Im Winter öffneten sich die Früchte schließlich und man sah deutlich die Verwandtschaft zum heimischen Pfaffenhütchen, welches ja auch Rotkehlchenbrot genannt wird.
Im Winter öffneten sich die Früchte schließlich und man sah deutlich die Verwandtschaft zum heimischen Pfaffenhütchen, welches ja auch Rotkehlchenbrot genannt wird.
Nun doch mal endlich richtig Vogelschutz? Nun ja, seht selbst: Jetzt Ende Februar haben die Früchte deutlich an Spannkraft eingebüßt und hängen immer noch unangetastet herum.
Schade.

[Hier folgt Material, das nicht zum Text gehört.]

(* Let $L, C_H, C_L, R_D, R_H, R_L, E_H, E_L$ be positive constants and set $$\alpha=\frac{1}{R_{DH}C_H},\qquad R_{DH}=\frac{R_DR_H}{R_D+R_H},\qquad \beta_H=\frac{E_H}{R_HC_H},\qquad \beta_L=\frac{E_L}{R_LC_L}.$$ Consider the system $$\dot x_1=-\frac{1}{L}x_3+\frac{1}{L}x_2u,\qquad \dot x_2=-\alpha x_2-\frac{1}{C_H}x_1u+\beta_H,\qquad \dot x_3=\frac{1}{C_L}x_1-\frac{1}{R_LC_L}x_3+\beta_L,$$ where $u=u(t)$ is any control with $u\in\mathcal L_\infty$ (an essentially bounded function of time). Then the system is uniformly stable, i.e. every solution $\xi(t)$ of the system (for this $u$) is uniformly stable: for every $\varepsilon>0$ there is $\delta>0$, independent of the initial time $t_0$, such that any solution $x(t)$ with $\|x(t_0)-\xi(t_0)\|<\delta$ satisfies $\|x(t)-\xi(t)\|<\varepsilon$ for all $t\ge t_0$.
   Context: The system models a bidirectional buck-boost DC-DC converter: $x_1$ is the inductor current, $x_2$ the high-voltage-side capacitor voltage, $x_3$ the low-voltage-side capacitor voltage; $E_H,R_H$ are the high-voltage source and its internal resistance, $E_L,R_L$ the battery voltage and internal resistance, $R_D$ the load resistance. *)

From HB Require Import structures.
From mathcomp Require Import all_boot all_order all_algebra.
From mathcomp Require Import all_classical all_reals all_analysis.
Set Implicit Arguments. Unset Strict Implicit. Unset Printing Implicit Defensive.
Import Order.TTheory GRing.Theory Num.Theory.
Local Open Scope classical_set_scope.
Local Open Scope ring_scope.

Section BuckBoost.
Variable R : realType.

Definition R_DH (RD RH : R) : R := RD * RH / (RD + RH).
Definition alpha (RD RH CH : R) : R := 1 / (R_DH RD RH * CH).
Definition beta_H (EH RH CH : R) : R := EH / (RH * CH).
Definition beta_L (EL RL CL : R) : R := EL / (RL * CL).

Definition Linf (u : R -> R) : Prop :=
  measurable_fun setT u /\
  exists M : R, {ae (@lebesgue_measure R), forall t, `|u t| <= M}.

(* Caratheodory (integral) form of  x' = g  on [t0, +oo):
   for every t >= t0, g is Lebesgue integrable on [t0, t] and
   x t = x t0 + \int_{[t0,t]} g. *)
Definition integral_sol (g x : R -> R) (t0 : R) : Prop :=
  forall t, t0 <= t ->
    (@lebesgue_measure R).-integrable `[t0, t] (EFin \o g) /\
    x t = x t0 + Rintegral (@lebesgue_measure R) `[t0, t] g.
(* [refl e *m refl f *m b = (refl e *m refl f *m refl k) *m (refl k *m b)]
   is a product of two commuting involutions. *)
Lemma refl_pair_mul_involutive e f k b (a c : R) : k = a *: e + c *: f ->
  lform e e != 0 -> lform f f != 0 -> lform k k != 0 ->
  lorentzian b -> b *m b = 1%:M -> b *m k = - k ->
  refl k *m b *m e = e -> refl k *m b *m f = f ->
  (refl e *m refl f *m b) *m (refl e *m refl f *m b) = 1%:M.
Proof.
move=> kE ee ff kk Lb bb bk Me Mf; set M := refl k *m b in Me Mf.
have bRk : comm_mx b (refl k).
  by apply: (lorentzian_refl_commute (s := -1)); rewrite ?sqrrN ?expr1n ?scaleN1r.
have LM : lorentzian M := lorentzian_mul (refl_lorentzian k) Lb.
have Mk : M *m k = k by rewrite -mulmxA bk mulmxN refl_self ?opprK.
have MR v : M *m v = v -> comm_mx M (refl v).
  by move=> Mv; apply: (lorentzian_refl_commute (s := 1)); rewrite ?expr1n ?scale1r.
have -> : refl e *m refl f *m b = refl e *m refl f *m refl k *m M.
  by rewrite /M -!mulmxA (mulmxA (refl k)) refl_involutive mul1mx.
apply: comm_involutive_mul; first by apply/comm_mx_sym/comm_mxM; [apply: comm_mxM|]; apply: MR.
  exact: (refl3_involutive kE).
by apply: comm_involutive_mul; [apply: comm_mx_sym | exact: refl_involutive |].
Qed.

(** * Pairs of hyperplanes *)

Lemma sg_time_coord u : u ord0 ord0 != 0 ->
  Num.sg (u ord0 ord0) ^+ 2 = 1 /\ 0 < (Num.sg (u ord0 ord0) *: u) ord0 ord0.
Proof. by move=> u0; rewrite sqr_sg u0 mxE -normrEsg normr_gt0. Qed.

Lemma common_hpoint_of_timelike e f t : lform t t < 0 ->
  lform t e = 0 -> lform t f = 0 ->
  exists x, hpoint x /\ on_hplane e x /\ on_hplane f x.
Proof.
move=> tt te tf; have [sg2 sgt] := sg_time_coord (timelike_time_coord_neq0 tt).
set c := Num.sqrt (- lform t t).
have c0 : 0 < c by rewrite sqrtr_gt0 oppr_gt0.
have c2 : c ^+ 2 = - lform t t by rewrite sqr_sqrtr // oppr_ge0 ltW.
exists ((Num.sg (t ord0 ord0) / c) *: t); split; last first.
  by rewrite /on_hplane !lformZl te tf mulr0.
split; last by move: sgt; rewrite !mxE mulrAC => ?; apply: divr_gt0.
rewrite !lformE mulrA -expr2 expr_div_n sg2 c2.
by field; rewrite lt_eqF.
Qed.

Lemma common_ideal_of_null e f u : lform u u = 0 -> u != 0 ->
  lform u e = 0 -> lform u f = 0 ->
  exists v, ideal v /\ on_hplane e v /\ on_hplane f v.
Proof.
move=> uu nu ue uf.
have u0 : u ord0 ord0 != 0.
  by apply: contra nu => /eqP u0; apply/eqP; apply: time_coord_eq0; rewrite ?uu.
have [_ sgu] := sg_time_coord u0.
exists (Num.sg (u ord0 ord0) *: u).
by rewrite /ideal /on_hplane !lformE uu ue uf !mulr0.
Qed.

Lemma orth_decomp e f : f = orth e f + (lform e f / lform e e) *: e.
Proof. by rewrite subrK. Qed.

Lemma lform_orth_decomp e f : 0 < lform e e ->
  lform (orth e f) e = 0 /\ lform (orth e f) f = lform (orth e f) (orth e f).
Proof.
move=> ee; have ue : lform (orth e f) e = 0 by rewrite lformC lform_orth ?gt_eqF.
split=> //; set u := orth e f.
by rewrite [f in lform u f](orth_decomp e) -/u lformDr lformZr ue mulr0 addr0.
Qed.

(* If [orth e f] vanished or were spacelike, projecting [e0] away from [e] and
   then from [orth e f] would give a common timelike normal. *)
Lemma orth_causal_of_no_common_hpoint e f : spacelike e ->
  ~ (exists x, hpoint x /\ on_hplane e x /\ on_hplane f x) ->
  orth e f != 0 /\ lform (orth e f) (orth e f) <= 0.
Proof.
move=> ee nohp; set u := orth e f; have [ue _] := lform_orth_decomp f ee.
have t1e : lform (orth e e0) e = 0 by rewrite lformC lform_orth ?gt_eqF.
have t1t1 : lform (orth e e0) (orth e e0) < 0.
  by rewrite timelike_orth // lform_e0e0 ltrN10.
split.
  apply/negP => /eqP u0; apply: nohp; apply: (common_hpoint_of_timelike t1t1 t1e).
  by rewrite [f](orth_decomp e) -/u u0 add0r lformZr t1e mulr0.
rewrite leNgt; apply/negP => uu; apply: nohp.
set t := orth u (orth e e0).
have tu : lform t u = 0 by rewrite lformC lform_orth ?gt_eqF.
have te : lform t e = 0 by rewrite lformC lform_orthr ?(lformC e) // lformC.
apply: (common_hpoint_of_timelike (timelike_orth _ t1t1) te) => //.
by rewrite [f](orth_decomp e) -/u lformDr lformZr tu te mulr0 addr0.
Qed.

Lemma ultraparallel_orth_timelike e f :
  ultraparallel e f -> lform (orth e f) (orth e f) < 0.
Proof.
move=> [ee [_ [nohp noid]]]; have [u0 uu] := orth_causal_of_no_common_hpoint ee nohp.
have [ue uf] := lform_orth_decomp f ee.
rewrite lt_neqAle uu andbT; apply/eqP => uu0; apply: noid.
by apply: (common_ideal_of_null uu0 u0 ue); rewrite uf.
Qed.

Lemma tangent_normal_form g h : tangent_at_infinity g h ->
  exists w (s c : R), ideal w /\ s ^+ 2 = 1 /\
    lform w g = 0 /\ lform w h = 0 /\ h = s *: w + c *: g.
Proof.
move=> [gg [_ [nohp [v [[vv v0] [vg [vh _]]]]]]].
have [u0 uu] := orth_causal_of_no_common_hpoint gg nohp.
have [ug uh] := lform_orth_decomp h gg; set u := orth g h in u0 uu ug uh.
have uu0 : lform u u = 0.
  apply/eqP; rewrite eq_le uu leNgt; apply/negP => ut.
  have vu : lform v u = 0 by rewrite /u /orth !lformE vg vh mulr0 subrr.
  suff : v != 0 by move/(lform_gt0_orth_timelike ut vu); rewrite vv ltxx.
  by apply: contraTneq v0 => ->; rewrite mxE ltxx.
have u00 : u ord0 ord0 != 0.
  by apply: contra u0 => /eqP u00; apply/eqP; apply: time_coord_eq0; rewrite ?uu0.
have [s2 su] := sg_time_coord u00.
exists (Num.sg (u ord0 ord0) *: u), (Num.sg (u ord0 ord0)), (lform g h / lform g g).
rewrite /ideal lformZl lformZr !lformZl uu0 ug uh uu0 !mulr0 scalerA -expr2 s2 scale1r.
by do !split => //; apply: orth_decomp.
Qed.
(* Let $N=\{1,\dots,n\}$ and let $F:2^N\to\mathbb{R}$ be quasi-submodular. Let $X_1=\{i\in N: F(i\mid N-i)>0\}$ and $Y_1=\{i\in N: F(i\mid\emptyset)\ge 0\}$. Then every global maximizer of $F$ lies in $[X_1,Y_1]$, i.e., for every $X_*\in\arg\max_{X\subseteq N}F(X)$, $X_1\subseteq X_*\subseteq Y_1$.
   Context: For $A\subseteq N$ and $i\in N$, write $A+i=A\cup\{i\}$, $A-i=A\setminus\{i\}$, and $F(i\mid A)=F(A+i)-F(A)$. $F$ is quasi-submodular if for all $X,Y\subseteq N$ both hold: $F(X\cap Y)\ge F(X)\Rightarrow F(Y)\ge F(X\cup Y)$, and $F(X\cap Y)>F(X)\Rightarrow F(Y)>F(X\cup Y)$. $[A,B]=\{U: A\subseteq U\subseteq B\}$. *)

From mathcomp Require Import all_boot all_order all_algebra.
From mathcomp Require Import reals.
Set Implicit Arguments. Unset Strict Implicit. Unset Printing Implicit Defensive.
Import Order.TTheory GRing.Theory Num.Theory.
Local Open Scope ring_scope.

(* Ground set N = {1,...,n} is represented by 'I_n; set functions F : {set 'I_n} -> R. *)

Definition marg (R : realType) (n : nat) (F : {set 'I_n} -> R) (i : 'I_n) (A : {set 'I_n}) : R :=
  F (i |: A) - F A.

Definition quasi_submodular (R : realType) (n : nat) (F : {set 'I_n} -> R) : Prop :=
  forall X Y : {set 'I_n},
    (F X <= F (X :&: Y) -> F (X :|: Y) <= F Y) /\
    (F X < F (X :&: Y) -> F (X :|: Y) < F Y).

Definition is_global_max (R : realType) (n : nat) (F : {set 'I_n} -> R) (X : {set 'I_n}) : Prop :=
  forall Y : {set 'I_n}, F Y <= F X.

From mathcomp Require Import all_boot all_order all_algebra.
From mathcomp Require Import reals.
Import Order.TTheory GRing.Theory Num.Theory.
Local Open Scope ring_scope.

(* Quasi-submodularity applied to X = A + i and Y = B makes marginal gains
   weakly diminishing: if adding i to A does not help, neither does adding it
   to B.  At a global maximizer X, adding an outside element or removing an
   inside one cannot help, which is incompatible with a positive gain at N - i
   resp. a negative gain at the empty set. *)

Section QuasiSubmodular.

Context {R : realType} {n : nat} {F : {set 'I_n} -> R}.
Hypothesis hF : quasi_submodular F.

Lemma setU1I_subset (i : 'I_n) (A B : {set 'I_n}) :
  A \subset B -> i \notin B -> (i |: A) :&: B = A.
Proof.
move=> sAB iB; rewrite setIUl (setIidPl sAB).
suff -> : [set i] :&: B = set0 by rewrite set0U.
by apply/setP => j; rewrite !inE; case: eqP => // ->; rewrite (negbTE iB).
Qed.

Lemma marg_le0_subset (i : 'I_n) {A B : {set 'I_n}} :
  A \subset B -> i \notin B -> marg F i A <= 0 -> marg F i B <= 0.
Proof.
move=> sAB iB; rewrite /marg !subr_le0 => hA.
have [+ _] := hF (i |: A) B.
by rewrite setU1I_subset // -setUA (setUidPr sAB); apply.
Qed.

Lemma marg_lt0_subset (i : 'I_n) {A B : {set 'I_n}} :
  A \subset B -> i \notin B -> marg F i A < 0 -> marg F i B < 0.
Proof.
move=> sAB iB; rewrite /marg !subr_lt0 => hA.
have [_] := hF (i |: A) B.
by rewrite setU1I_subset // -setUA (setUidPr sAB); apply.
Qed.

Lemma global_max_marg_le0 {X : {set 'I_n}} (i : 'I_n) :
  is_global_max F X -> marg F i X <= 0.
Proof. by move=> hX; rewrite /marg subr_le0. Qed.

Lemma global_max_marg_setD1_ge0 {X : {set 'I_n}} (i : 'I_n) :
  is_global_max F X -> i \in X -> 0 <= marg F i (X :\ i).
Proof. by move=> hX iX; rewrite /marg setD1K // subr_ge0. Qed.

End QuasiSubmodular.

Theorem lemma7 (R : realType) (n : nat) (F : {set 'I_n} -> R)
  (hF : quasi_submodular F) (Xs : {set 'I_n}) (hX : is_global_max F Xs) :
  [set i | 0 < marg F i ([set: 'I_n] :\ i)] \subset Xs /\
  Xs \subset [set i | 0 <= marg F i set0].
Proof.
split; apply/subsetP => i; rewrite inE.
- apply: contraTT => iX; rewrite -leNgt.
  have sXN : Xs \subset [set: 'I_n] :\ i.
    by apply/subsetP => j jX; rewrite !inE andbT; apply: contraNneq iX => <-.
  have iN : i \notin [set: 'I_n] :\ i by rewrite !inE eqxx.
  exact: (marg_le0_subset hF i sXN iN (global_max_marg_le0 i hX)).
- move=> iX; rewrite leNgt; apply/negP => gain_neg.
  have iXi : i \notin Xs :\ i by rewrite !inE eqxx.
  have := marg_lt0_subset hF i (sub0set (Xs :\ i)) iXi gain_neg.
  by rewrite ltNge global_max_marg_setD1_ge0.
Qed.
Section Reduced.
Variable (C : numClosedFieldType) (n m p r : nat).
Variable (V W : 'M[C]_(n, r)).
Variable (Cf : C -> 'M[C]_(p, n)) (Kf : C -> 'M[C]_n) (Bf : C -> 'M[C]_(n, m))
         (Nf : C -> 'M[C]_(n, m * n)) (Hf : C -> C -> 'M[C]_(n, n * n)).
Definition redC (s : C) : 'M[C]_(p, r) := Cf s *m V.
Definition redK (s : C) : 'M[C]_r := ctmx W *m Kf s *m V.
Definition redB (s : C) : 'M[C]_(r, m) := ctmx W *m Bf s.
Definition redN (s : C) : 'M[C]_(r, m * r) :=
  ctmx W *m Nf s *m (1%:M *t V : 'M[C]_(m * n, m * r)).
Definition redH (s1 s2 : C) : 'M[C]_(r, r * r) := ctmx W *m Hf s1 s2 *m (V *t V).
End Reduced.

Section Interp.
Variable (C : numClosedFieldType) (n m p : nat).
Variable (Cf : C -> 'M[C]_(p, n)) (Kf : C -> 'M[C]_n) (Bf : C -> 'M[C]_(n, m))
         (Nf : C -> 'M[C]_(n, m * n)) (Hf : C -> C -> 'M[C]_(n, n * n)).
Variable sigma : C.
Definition Vi1 : 'M[C]_(n, m) := invmx (Kf sigma) *m Bf sigma.
Definition Vi2 : 'M[C]_(n, m * m) :=
  invmx (Kf (2%:R * sigma)) *m
   (Hf sigma sigma *m (Vi1 *t Vi1) + Nf sigma *m (1%:M *t Vi1)).
Definition Vi3 : 'M[C]_(n, m * m * m) :=
  invmx (Kf (3%:R * sigma)) *m
   (Hf (2%:R * sigma) sigma *m (Vi2 *t Vi1)
    + cast3 (Hf sigma (2%:R * sigma) *m (Vi1 *t Vi2))
    + cast3 (Nf (2%:R * sigma) *m (1%:M *t Vi2))).
Definition Wi1 : 'M[C]_(n, p) := ctmx (invmx (Kf (2%:R * sigma))) *m ctmx (Cf (2%:R * sigma)).
Definition Wi2 : 'M[C]_(n, p) := ctmx (invmx (Kf (3%:R * sigma))) *m ctmx (Cf (3%:R * sigma)).
End Interp.

From HB Require Import structures.
From mathcomp Require Import all_boot all_order all_algebra.
From mathcomp Require Import mxtens.
Import Order.TTheory GRing.Theory Num.Theory.
Local Open Scope ring_scope.
Set Implicit Arguments. Unset Strict Implicit. Unset Printing Implicit Defensive.

(* Everything rests on two Petrov-Galerkin facts for a single resolvent
   solve x = K^-1 f and its reduced counterpart x^ = (W^H K V)^-1 W^H f:
   - if x lies in span V then V x^ = x            (galerkin_state);
   - if K^-H C^H lies in span W then C V x^ = C x (galerkin_output).
   Each subsystem state g_k is such a solve with a right-hand side built
   from the lower states g_1, ..., g_(k-1) (forcing2, forcing3).  The
   reduced forcing term is W^H times the full one evaluated at the lifted
   reduced states (forcing2_red, forcing3_red); once the lower reduced
   states are lifted exactly by V, both facts apply level by level:
   stateK_match gives V g^_k = g_k and outputK_match gives G_k = G^_k.
   At the diagonal frequencies the states are exactly the vectors of the
   theorem: g_1(s) = V1, g_2(s,s) = V2 and g_3(s,s,s) = V3 / 2 (g2_diag,
   g3_diag), so the span hypotheses of (a), (b), (c) are what the level
   lemmas need, and the theorem is a direct combination of them. *)

Section ConjTranspose.
Variable C : numClosedFieldType.

Lemma ctmxM (a b c : nat) (A : 'M[C]_(a, b)) (B : 'M[C]_(b, c)) :
  ctmx (A *m B) = ctmx B *m ctmx A.
Proof. by rewrite /ctmx map_mxM trmx_mul. Qed.

Lemma ctmxK (a b : nat) (A : 'M[C]_(a, b)) : ctmx (ctmx A) = A.
Proof. by apply/matrixP=> i j; rewrite !mxE conjCK. Qed.
End ConjTranspose.

Section ColumnSpan.
Variable F : fieldType.

Lemma colspan_subP (n a b : nat) (A : 'M[F]_(n, a)) (B : 'M[F]_(n, b)) :
  colspan_sub A B -> exists X, A = B *m X.
Proof.
by move=> /submxP [D defA]; exists D^T; rewrite -(trmxK A) defA trmx_mul trmxK.
Qed.

Lemma colspan_subZ (n a b : nat) (c : F) (A : 'M[F]_(n, a)) (B : 'M[F]_(n, b)) :
  colspan_sub A B -> colspan_sub (c *: A) B.
Proof. by rewrite /colspan_sub linearZ /=; exact: scalemx_sub. Qed.
End ColumnSpan.

Section PetrovGalerkin.
Variables (C : numClosedFieldType) (n r q : nat).
Variables (V W : 'M[C]_(n, r)) (K : 'M[C]_n) (f : 'M[C]_(n, q)).
Hypotheses (unitK : K \in unitmx) (unitKr : ctmx W *m K *m V \in unitmx).

Lemma galerkin_state :
  colspan_sub (invmx K *m f) V ->
  V *m (invmx (ctmx W *m K *m V) *m (ctmx W *m f)) = invmx K *m f.
Proof.
move=> /colspan_subP [X defX].
have -> : ctmx W *m f = ctmx W *m K *m V *m X by rewrite -!mulmxA -defX mulKVmx.
by rewrite mulKmx.
Qed.

Lemma galerkin_output (p : nat) (Cm : 'M[C]_(p, n)) :
  colspan_sub (ctmx (invmx K) *m ctmx Cm) W ->
  Cm *m V *m (invmx (ctmx W *m K *m V) *m (ctmx W *m f)) = Cm *m (invmx K *m f).
Proof.
move=> /colspan_subP [Z defZ].
have CKinv : Cm *m invmx K = ctmx Z *m ctmx W by rewrite -ctmxM -defZ ctmxM !ctmxK.
have -> : Cm *m V = ctmx Z *m (ctmx W *m K *m V).
  by rewrite -[Cm]mulmx1 -(mulVmx unitK) !mulmxA CKinv -!mulmxA.
by rewrite -mulmxA mulKVmx // mulmxA -CKinv mulmxA.
Qed.
End PetrovGalerkin.
(* Let $K \subset \mathbb R^3$ be a regular convex cone whose boundary is of class $C^k$, $k \geq 5$, and positively curved, and let $\gamma \subset \mathbb{RP}^2$ be the projective image of $\partial K$. Let $\alpha,\beta$ be $2\pi$-periodic real functions of class $C^{k-4}$, $C^{k-5}$ respectively, and let $y:\mathbb R \to \mathbb R^3$ be a $2\pi$-periodic solution of \[ y''' + 2\alpha y' + \alpha' y + \beta y = 0 \] such that $\det(y'',y',y) \equiv 1$, the projective image of $y$ is $\gamma$, and $y(t)$ makes exactly one turn around $K$ along $\partial K$ as $t$ runs over one period. If the eigenvalues of the monodromy of the equation $x'' + \frac12\alpha x = 0$ are not equal to $1$, then $\gamma$ does not possess a global periodic Forsyth–Laguerre parametrization.
   Context: A regular convex cone is a closed convex cone with non-empty interior containing no lines. ''Positively curved boundary'' means $\partial K\setminus\{0\}$ has everywhere positive curvature (transverse to the rays), so that $\gamma$ is a simple closed strictly convex curve without inflection points. The monodromy of $x''+\frac12\alpha x = 0$ is the matrix $T\in SL(2,\mathbb R)$ with $x(t+2\pi)=Tx(t)$ for a vector-valued solution $x:\mathbb R\to\mathbb R^2$ with linearly independent components (its conjugacy class does not depend on the choice of $x$). A global periodic Forsyth–Laguerre parametrization of $\gamma$ is a periodic parametrization of the whole closed curve $\gamma$ by a real variable $s$ (one period corresponding to one traversal of $\gamma$) for which $\gamma$ has a periodic lift $\tilde y(s)$ to $\mathbb R^3$ with $\det(\tilde y'',\tilde y',\tilde y)\equiv 1$ solving $\tilde y''' + 2\tilde\alpha\tilde y' + \tilde\alpha'\tilde y + \tilde\beta\tilde y = 0$ with $\tilde\alpha \equiv 0$ (derivatives with respect to $s$). *)

From Stdlib Require Import Reals.
From Coquelicot Require Import Coquelicot.
Open Scope R_scope.

Definition v3 : Type := (R * R * R)%type.
Definition vx (v : v3) : R := fst (fst v).
Definition vy (v : v3) : R := snd (fst v).
Definition vz (v : v3) : R := snd v.
Definition mkv (a b c : R) : v3 := (a, b, c).
Definition vzero : v3 := mkv 0 0 0.
Definition vadd (u v : v3) : v3 := mkv (vx u + vx v) (vy u + vy v) (vz u + vz v).
Definition vscal (c : R) (v : v3) : v3 := mkv (c * vx v) (c * vy v) (c * vz v).
Definition vdist (u v : v3) : R :=
  sqrt ((vx u - vx v)^2 + (vy u - vy v)^2 + (vz u - vz v)^2).

Definition det3 (a b c : v3) : R :=
  vx a * (vy b * vz c - vz b * vy c)
  - vx b * (vy a * vz c - vz a * vy c)
  + vx c * (vy a * vz b - vz a * vy b).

Aber sei's drum - sowohl die Büte als auch die kleinen Früchtchen haben mir sehr gefallen, außerdem ist es vielleicht doch nur die Nähe zum Wohnhaus, die die Rotkehlchen von der Einweihung meines Vogelschutzgehölzes abhält.
Falls ihr also im Discounter einmal so einem notleidenden Strauch begegnet, rettet ihn ruhig und berichtet mir bitte, wie eure Erfahrungen mit seiner Naturschutztauglichkeit sind. Sachdienliche Hinweise nehme ich gerne entgegen!